[Instructions to follow] Using the data below, work out how many lines contain the word "andP", then state that number without comment.

(Items from a data source)
++++++++
Lemma horner_falling_poly a x : (falling_poly a).[x%:R] = (x ^_ a)%:R.
Proof.
elim: a => [|a IHa]; first by rewrite /falling_poly big_nil hornerE.
rewrite /falling_poly big_nat_recr //= hornerM -/(falling_poly a) IHa ffactnSr natrM.
have [ax | xa] := leqP a x; first by rewrite !hornerE natrB.
by rewrite ffact_small // !mul0r.
Qed.

Definition ffact_poly a b p : {poly F} :=
  falling_poly a * (falling_poly b \Po (p%:R%:P - 'X)).

Lemma size_ffact_poly a b p : (size (ffact_poly a b p) <= (a + b).+1)%N.
Proof.
have size_lin : size (p%:R%:P - 'X : {poly F}) = 2 by rewrite -opprB size_polyN size_XsubC.
apply: leq_trans (size_polyMleq _ _) _; rewrite size_falling_poly addSn /=.
apply: leq_trans (leq_add (leqnn _) (size_comp_poly_leq _ _)) _.
by rewrite size_falling_poly size_lin muln1 addnS.
Qed.

Lemma horner_ffact_poly a b p x : (x <= p)%N ->
  (ffact_poly a b p).[x%:R] = (x ^_ a)%:R * ((p - x) ^_ b)%:R.
Proof.
move=> xp; rewrite hornerM horner_comp horner_falling_poly !hornerE -natrB //.
by rewrite horner_falling_poly.
Qed.

End FiniteDifferences.

Lemma sum_diag_shift (V : pzSemiRingType) (h : nat -> nat -> V) a b n :
  \sum_(i < n.+1) h (i + a)%N (n - i + b)%N * ((i + a) ^_ a)%:R * ((n - i + b) ^_ b)%:R
  = \sum_(0 <= x < (n + a + b).+1)
      h x (n + a + b - x)%N * (x ^_ a)%:R * ((n + a + b - x) ^_ b)%:R.
Proof.
pose G x := h x (n + a + b - x)%N * (x ^_ a)%:R * ((n + a + b - x) ^_ b)%:R.
transitivity (\sum_(0 <= i < n.+1) G (i + a)%N).
  rewrite big_mkord; apply: eq_bigr => i _; have i_le_n := ltn_ord i.
  by rewrite /G (_ : n - i + b = n + a + b - (i + a))%N //; lia.
rewrite [RHS](big_cat_nat (n := a)) //=; last lia.
rewrite [X in _ = X + _]big1_seq ?add0r; last first.
  move=> x /andP[_]; rewrite mem_index_iota => /andP[_ xa].
  by rewrite ffact_small // mulr0 mul0r.
rewrite [RHS](big_cat_nat (n := (n + a).+1)) //=; [|lia|lia].
rewrite [X in _ = _ + X]big1_seq ?addr0; last first.
  move=> x /andP[_]; rewrite mem_index_iota => /andP[nx x_lt].
  by rewrite (@ffact_small (n + a + b - x) b) ?mulr0 //; lia.
by rewrite (big_addn 0 _ a) (_ : (n + a).+1 - a = n.+1)%N //; lia.
Qed.

Lemma sum_ord_le_support (V : numDomainType) (f : nat -> V) B N :
  (forall i, 0 <= f i) -> (forall i, (B < i)%N -> f i = 0) ->
  \sum_(i < N) f i <= \sum_(i < B.+1) f i.
Proof.
move=> f_ge0 f_supp.
rewrite (big_ord_widen (maxn N B.+1) _ (leq_maxl N B.+1)).
rewrite (big_ord_widen (maxn N B.+1) _ (leq_maxr N B.+1)).
rewrite big_mkcond [X in _ <= X]big_mkcond /=; apply: ler_sum => i _.
by case: ifP => _; case: ifP => // /negbT; rewrite -leqNgt => /f_supp ->.
Qed.

Section Main.
Variable R : realType.
Local Notation C := R[i].
Local Notation rc := (real_complex R).
Variable lam : R.
Hypothesis lam_gt0 : 0 < lam.

Definition kercoef (m : nat) : R := gbinom (m%:R + lam - 1) m.

Lemma kercoef_gt0 m : 0 < kercoef m.
Proof.
rewrite /kercoef /gbinom divr_gt0 ?ltr0n ?fact_gt0 //.
apply: prodr_gt0 => l _; have l_lt : (l%:R + 1 : R) <= m%:R by rewrite natr1 ler_nat.
have -> : m%:R + lam - 1 - l%:R = m%:R - (l%:R + 1) + lam by ring.
by rewrite ltr_wpDl // subr_ge0.
Qed.

Lemma kercoef_wnorm2 m : rc (kercoef m) * rc (wnorm2 lam m) = 1.
Proof. by rewrite -rmorphM /= mulfV ?rmorph1 // gt_eqF // kercoef_gt0. Qed.

Lemma wnorm2_ge0 m : 0 <= wnorm2 lam m.
Proof. by rewrite invr_ge0 ltW // kercoef_gt0. Qed.

Lemma wnorm2_neq0 m : rc (wnorm2 lam m) != 0.
Proof. by apply: contra_eq_neq (kercoef_wnorm2 m) => ->; rewrite mulr0 eq_sym oner_neq0. Qed.

Lemma finite_support_in_space (c : coefs R) B :
  (forall x y, (B < x)%N || (B < y)%N -> c x y = 0) -> in_space lam c.
Proof.
move=> c_supp; pose T i j := `|c i j| ^+ 2 * rc (wnorm2 lam j).
have T_ge0 i j : 0 <= T i j by rewrite mulr_ge0 ?exprn_ge0 ?normr_ge0 // ler0c wnorm2_ge0.
have T_supp i j : (B < i)%N || (B < j)%N -> T i j = 0.
  by move=> /c_supp c0; rewrite /T c0 normr0 expr0n mul0r.
pose S := \sum_(i < B.+1) \sum_(j < B.+1) T i j.
have S_ge0 : 0 <= S by do 2![apply: sumr_ge0 => ? _].
have S_real : rc (complex.Re S) = S.
  by move: S_ge0; case: S => x y; rewrite lecE /= => /andP[/eqP -> _].
exists (complex.Re S) => N; rewrite S_real.
apply: le_trans (_ : \sum_(i < N) \sum_(j < B.+1) T i j <= _).
  apply: ler_sum => i _; apply: sum_ord_le_support => // j Bj.
  by apply: T_supp; rewrite Bj orbT.
apply: (sum_ord_le_support (f := fun i => \sum_(j < B.+1) T i j)) => [i|i Bi].
  by apply: sumr_ge0.
by apply: big1 => j _; apply: T_supp; rewrite Bi.
Qed.

Variables p k : nat.
Hypothesis k_le : (k <= p.+1)%N.

Local Notation hs := [seq hjp lam j p | j <- iota 0 k].

Definition wcoord (q : homp R p) (x : nat) : C :=
  q 0 (inord x) * rc (wnorm2 lam (p - x)).

Lemma inner_homE q h :
  inner_hom lam q h = \sum_(0 <= x < p.+1) wcoord q x * (h x (p - x)%N)^*.
Proof. by rewrite big_mkord; apply: eq_bigr => i _; rewrite /wcoord inord_val mulrAC. Qed.

Lemma inner_homZD a (q1 q2 : homp R p) h :
  inner_hom lam (a *: q1 + q2) h = a * inner_hom lam q1 h + inner_hom lam q2 h.
Proof.
by rewrite /inner_hom mulr_sumr -big_split; apply: eq_bigr => i _; rewrite !mxE /=; ring.
Qed.

Lemma in_VkpZD a (q1 q2 : homp R p) :
  in_Vkp lam k q1 -> in_Vkp lam k q2 -> in_Vkp lam k (a *: q1 + q2).
Proof. by move=> V1 V2 h h_space h_vanish; rewrite inner_homZD V1 // V2 // mulr0 addr0. Qed.

Lemma in_Vkp0 : in_Vkp lam k (0 : homp R p).
Proof. by move=> h _ _; rewrite /inner_hom big1 // => i _; rewrite mxE !mul0r. Qed.

Lemma in_Vkp_sum n (a : 'I_n -> C) (v : 'I_n -> homp R p) :
  (forall i, in_Vkp lam k (v i)) -> in_Vkp lam k (\sum_i a i *: v i).
Proof.
move=> Vv; elim/big_ind: _ => [|q1 q2 V1 V2|i _]; first exact: in_Vkp0.
  by rewrite -[q1]scale1r; apply: in_VkpZD.
by rewrite -[_ *: _]addr0; apply: in_VkpZD => //; apply: in_Vkp0.
Qed.

Lemma wcoordB (q1 q2 : homp R p) x : wcoord (q1 - q2) x = wcoord q1 x - wcoord q2 x.
Proof. by rewrite /wcoord !mxE mulrBl. Qed.

Lemma wcoord_sum n (a : 'I_n -> C) (v : 'I_n -> homp R p) x :
  wcoord (\sum_j a j *: v j) x = \sum_j a j * wcoord (v j) x.
Proof.
by rewrite /wcoord summxE mulr_suml; apply: eq_bigr => j _; rewrite mxE mulrA.
Qed.

Lemma wcoord_hjp j x : (x <= p)%N -> wcoord (hjp lam j p) x = ('C(x, j))%:R.
Proof.
move=> x_le; rewrite /wcoord mxE inordK // rmorphM rmorph_nat /=.
by rewrite -/(kercoef (p - x)) -mulrA kercoef_wnorm2 mulr1.
Qed.

Lemma wcoord_eq0 q : (forall x, (x <= p)%N -> wcoord q x = 0) -> q = 0.
Proof.
move=> q0; apply/rowP => i; rewrite mxE.
have /eqP := q0 i (ltnSE (ltn_ord i)).
by rewrite /wcoord inord_val mulf_eq0 (negbTE (wnorm2_neq0 _)) orbF => /eqP.
Qed.

Lemma nth_hjp_seq i : (i < k)%N -> hs`_i = hjp lam i p.
Proof. by move=> i_lt; rewrite (nth_map 0%N) ?size_iota // nth_iota. Qed.

Lemma size_hjp_seq : size hs = k.
Proof. by rewrite size_map size_iota. Qed.

Lemma vanishes_on_diag_binom_sum (h : coefs R) j : (j < k)%N -> vanishes_on_diag k h ->
  \sum_(0 <= x < p.+1) ('C(x, j))%:R * h x (p - x)%N = 0.
Proof.
move=> j_lt vh; have := vh j 0%N; rewrite addn0 => /(_ j_lt (p - j)%N).
rewrite sum_diag_shift addn0 subnK; last lia.
move=> sum0; apply/(mulIf (_ : (j`!)%:R != 0 :> C)); first by rewrite pnatr_eq0 -lt0n fact_gt0.
rewrite mul0r -[RHS]sum0 mulr_suml; apply: eq_bigr => x _.
by rewrite ffactn0 mulr1 -bin_ffact natrM; ring.
Qed.

Lemma hjp_in_Vkp j : (j < k)%N -> in_Vkp lam k (hjp lam j p).
Proof.
move=> j_lt h _ vh; rewrite inner_homE.
have /(congr1 Num.conj) := vanishes_on_diag_binom_sum j_lt vh.
rewrite conjC0 rmorph_sum => conj_sum0; rewrite -[RHS]conj_sum0.
apply: eq_big_nat => x /andP[_ x_lt]; rewrite wcoord_hjp //.
by rewrite rmorphM rmorph_nat.
Qed.

Definition test_coef (m x : nat) : C :=
  if (m <= x)%N then (-1) ^+ (x - m) * ('C(k, x - m))%:R else 0.

(* The Taylor coefficients of z^m w^(p-m-k) (w - z)^k. *)
Definition test_fun (m : nat) : coefs R :=
  fun x y => if (x + y == p)%N then test_coef m x else 0.

Lemma sum_test_coef m (G : nat -> C) : (m + k <= p)%N ->
  \sum_(0 <= x < p.+1) test_coef m x * G x = alt_binom_sum k G m.
Proof.
move=> mk_le; rewrite (big_cat_nat (n := m)) //=; last lia.
rewrite big1_seq ?add0r; last first.
  by move=> x /andP[_]; rewrite mem_index_iota /test_coef => /andP[_ /ltn_geF ->]; rewrite mul0r.
rewrite (big_addn 0 _ m) (big_cat_nat (n := k.+1)) //=; last lia.
rewrite [X in _ + X]big1_seq ?addr0; last first.
  move=> t /andP[_]; rewrite mem_index_iota => /andP[kt _].
  by rewrite /test_coef leq_addl addnK bin_small ?mulr0 ?mul0r.
by apply: eq_big_nat => t _; rewrite /test_coef leq_addl addnK.
Qed.

Lemma test_fun_in_space m : in_space lam (test_fun m).
Proof.
apply: (@finite_support_in_space _ p) => x y xy_gt; rewrite /test_fun ifF //.
by apply/negbTE/eqP => xy_eq; move: xy_gt; lia.
Qed.

Lemma test_fun_vanishes m : (m + k <= p)%N -> vanishes_on_diag k (test_fun m).
Proof.
move=> mk_le a b ab_lt n.
have [deg_p | deg_p] := eqVneq (n + a + b)%N p; last first.
  rewrite big1 // => i _; have i_le := ltn_ord i.
  by rewrite /test_fun ifF ?mul0r //; apply/negbTE/eqP => deg; move: deg_p; lia.
rewrite sum_diag_shift deg_p.
transitivity (\sum_(0 <= x < p.+1) test_coef m x * (ffact_poly C a b p).[x%:R]).
  apply: eq_big_nat => x /andP[_ x_lt]; rewrite horner_ffact_poly //.
  by rewrite /test_fun subnKC ?eqxx ?mulrA.
rewrite sum_test_coef // alt_binom_sum_poly //.
by apply: leq_trans (size_ffact_poly _ _ _ _) _.
Qed.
++++++++
[Response box] 7